* [RECORD SET]:
+ + + + +

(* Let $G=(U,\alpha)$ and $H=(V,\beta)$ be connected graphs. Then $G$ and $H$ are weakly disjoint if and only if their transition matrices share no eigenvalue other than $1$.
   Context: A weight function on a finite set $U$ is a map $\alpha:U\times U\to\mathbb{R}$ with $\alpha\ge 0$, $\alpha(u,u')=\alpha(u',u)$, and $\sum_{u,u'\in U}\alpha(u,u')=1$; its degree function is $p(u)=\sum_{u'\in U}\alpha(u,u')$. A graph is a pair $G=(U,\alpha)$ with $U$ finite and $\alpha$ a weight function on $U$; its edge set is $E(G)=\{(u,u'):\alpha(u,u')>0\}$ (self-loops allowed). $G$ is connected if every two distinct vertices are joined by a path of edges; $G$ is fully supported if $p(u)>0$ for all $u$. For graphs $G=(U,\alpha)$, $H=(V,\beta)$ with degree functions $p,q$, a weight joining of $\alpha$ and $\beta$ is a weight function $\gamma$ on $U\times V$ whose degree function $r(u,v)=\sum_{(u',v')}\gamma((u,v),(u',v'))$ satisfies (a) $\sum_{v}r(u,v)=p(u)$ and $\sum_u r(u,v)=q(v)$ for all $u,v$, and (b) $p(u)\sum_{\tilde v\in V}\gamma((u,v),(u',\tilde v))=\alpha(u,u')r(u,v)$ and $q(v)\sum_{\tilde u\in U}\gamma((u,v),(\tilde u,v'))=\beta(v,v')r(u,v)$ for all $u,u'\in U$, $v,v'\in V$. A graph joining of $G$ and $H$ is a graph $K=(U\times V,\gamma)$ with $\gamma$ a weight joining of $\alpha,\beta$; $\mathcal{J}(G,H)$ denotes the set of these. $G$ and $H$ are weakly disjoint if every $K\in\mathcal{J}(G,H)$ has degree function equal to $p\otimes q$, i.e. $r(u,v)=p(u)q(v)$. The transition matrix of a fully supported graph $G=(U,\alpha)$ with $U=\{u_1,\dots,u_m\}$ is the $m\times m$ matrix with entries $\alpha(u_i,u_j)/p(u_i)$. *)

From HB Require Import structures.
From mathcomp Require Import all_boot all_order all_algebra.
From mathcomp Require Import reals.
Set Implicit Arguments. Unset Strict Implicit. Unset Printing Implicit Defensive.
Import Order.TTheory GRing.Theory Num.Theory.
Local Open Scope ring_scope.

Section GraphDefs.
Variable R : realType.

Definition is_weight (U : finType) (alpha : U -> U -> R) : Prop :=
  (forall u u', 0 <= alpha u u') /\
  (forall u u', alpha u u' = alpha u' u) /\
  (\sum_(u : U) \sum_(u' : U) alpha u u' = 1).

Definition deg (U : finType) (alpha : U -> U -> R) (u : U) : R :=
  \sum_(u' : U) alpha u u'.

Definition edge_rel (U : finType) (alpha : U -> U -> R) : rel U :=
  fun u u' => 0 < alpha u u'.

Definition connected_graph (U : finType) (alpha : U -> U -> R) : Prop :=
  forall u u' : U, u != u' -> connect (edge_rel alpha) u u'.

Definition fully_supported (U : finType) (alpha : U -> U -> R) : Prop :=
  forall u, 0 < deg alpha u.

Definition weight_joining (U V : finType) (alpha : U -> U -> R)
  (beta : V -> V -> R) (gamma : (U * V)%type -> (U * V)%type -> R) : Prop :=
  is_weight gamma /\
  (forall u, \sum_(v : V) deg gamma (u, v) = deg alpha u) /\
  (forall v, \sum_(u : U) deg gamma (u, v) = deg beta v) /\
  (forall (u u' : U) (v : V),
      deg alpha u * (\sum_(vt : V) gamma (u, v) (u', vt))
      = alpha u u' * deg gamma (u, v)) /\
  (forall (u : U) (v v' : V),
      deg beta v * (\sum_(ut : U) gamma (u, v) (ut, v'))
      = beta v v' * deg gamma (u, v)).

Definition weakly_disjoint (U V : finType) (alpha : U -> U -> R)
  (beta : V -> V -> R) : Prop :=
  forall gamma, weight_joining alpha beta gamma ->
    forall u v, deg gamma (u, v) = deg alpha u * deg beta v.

+ + + + +

* [YOUR ASSIGNMENT]: Starting with the line that holds "(\sum_(u : U)" and ending with the line that holds "Definition weight_joining (U", retype every line in the data above exactly, and nothing else.

* [TASK OUTPUT]:
  (\sum_(u : U) \sum_(u' : U) alpha u u' = 1).

Definition deg (U : finType) (alpha : U -> U -> R) (u : U) : R :=
  \sum_(u' : U) alpha u u'.

Definition edge_rel (U : finType) (alpha : U -> U -> R) : rel U :=
  fun u u' => 0 < alpha u u'.

Definition connected_graph (U : finType) (alpha : U -> U -> R) : Prop :=
  forall u u' : U, u != u' -> connect (edge_rel alpha) u u'.

Definition fully_supported (U : finType) (alpha : U -> U -> R) : Prop :=
  forall u, 0 < deg alpha u.

Definition weight_joining (U V : finType) (alpha : U -> U -> R)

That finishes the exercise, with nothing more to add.